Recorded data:
(* Let $k$ be a positive integer and let $\mathcal{A}$ be a monotone decreasing family of subsets of $\{0,1,\ldots,k-1\}$ (i.e., every subset of a member of $\mathcal{A}$ is also a member of $\mathcal{A}$). Let $$A=\{3^{a_1}+3^{a_2}+\cdots+3^{a_n}\mid \{a_1,a_2,\ldots,a_n\}\in \mathcal{A}\}.$$ Then the Stanley sequences $S(A\cup \{3^k\})$ and $S(A\cup \{2\cdot 3^k\})$ are independent.
   Context: A set of non-negative integers is 3-free if no three of its elements form an arithmetic progression. For a finite 3-free set $A=\{a_0<a_1<\cdots<a_k\}$ of non-negative integers, the Stanley sequence $S(A)=(a_n)_{n\ge 0}$ is the increasing sequence whose initial terms are $a_0,\ldots,a_k$ and in which, once $a_n$ is defined, $a_{n+1}$ is the smallest integer greater than $a_n$ such that $\{a_0,\ldots,a_{n+1}\}$ is 3-free. A Stanley sequence $(a_n)$ is independent if there is a constant $\lambda$ (its character) such that for all sufficiently large $k$, $a_{2^k+i}=a_{2^k}+a_i$ for all $0\le i<2^k$, and $a_{2^k}=2a_{2^k-1}-\lambda+1$. *)

From mathcomp Require Import all_boot all_order all_algebra.
Import GRing.Theory.
Set Implicit Arguments. Unset Strict Implicit. Unset Printing Implicit Defensive.

Definition three_free (s : seq nat) : bool :=
  all (fun x => all (fun y => all (fun z =>
    ~~ ((x < y < z) && (x + z == y.*2))) s) s) s.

Problem to solve: Would you return the full set of entries, unchanged in every detail?

Expected answer:
(* Let $k$ be a positive integer and let $\mathcal{A}$ be a monotone decreasing family of subsets of $\{0,1,\ldots,k-1\}$ (i.e., every subset of a member of $\mathcal{A}$ is also a member of $\mathcal{A}$). Let $$A=\{3^{a_1}+3^{a_2}+\cdots+3^{a_n}\mid \{a_1,a_2,\ldots,a_n\}\in \mathcal{A}\}.$$ Then the Stanley sequences $S(A\cup \{3^k\})$ and $S(A\cup \{2\cdot 3^k\})$ are independent.
   Context: A set of non-negative integers is 3-free if no three of its elements form an arithmetic progression. For a finite 3-free set $A=\{a_0<a_1<\cdots<a_k\}$ of non-negative integers, the Stanley sequence $S(A)=(a_n)_{n\ge 0}$ is the increasing sequence whose initial terms are $a_0,\ldots,a_k$ and in which, once $a_n$ is defined, $a_{n+1}$ is the smallest integer greater than $a_n$ such that $\{a_0,\ldots,a_{n+1}\}$ is 3-free. A Stanley sequence $(a_n)$ is independent if there is a constant $\lambda$ (its character) such that for all sufficiently large $k$, $a_{2^k+i}=a_{2^k}+a_i$ for all $0\le i<2^k$, and $a_{2^k}=2a_{2^k-1}-\lambda+1$. *)

From mathcomp Require Import all_boot all_order all_algebra.
Import GRing.Theory.
Set Implicit Arguments. Unset Strict Implicit. Unset Printing Implicit Defensive.

Definition three_free (s : seq nat) : bool :=
  all (fun x => all (fun y => all (fun z =>
    ~~ ((x < y < z) && (x + z == y.*2))) s) s) s.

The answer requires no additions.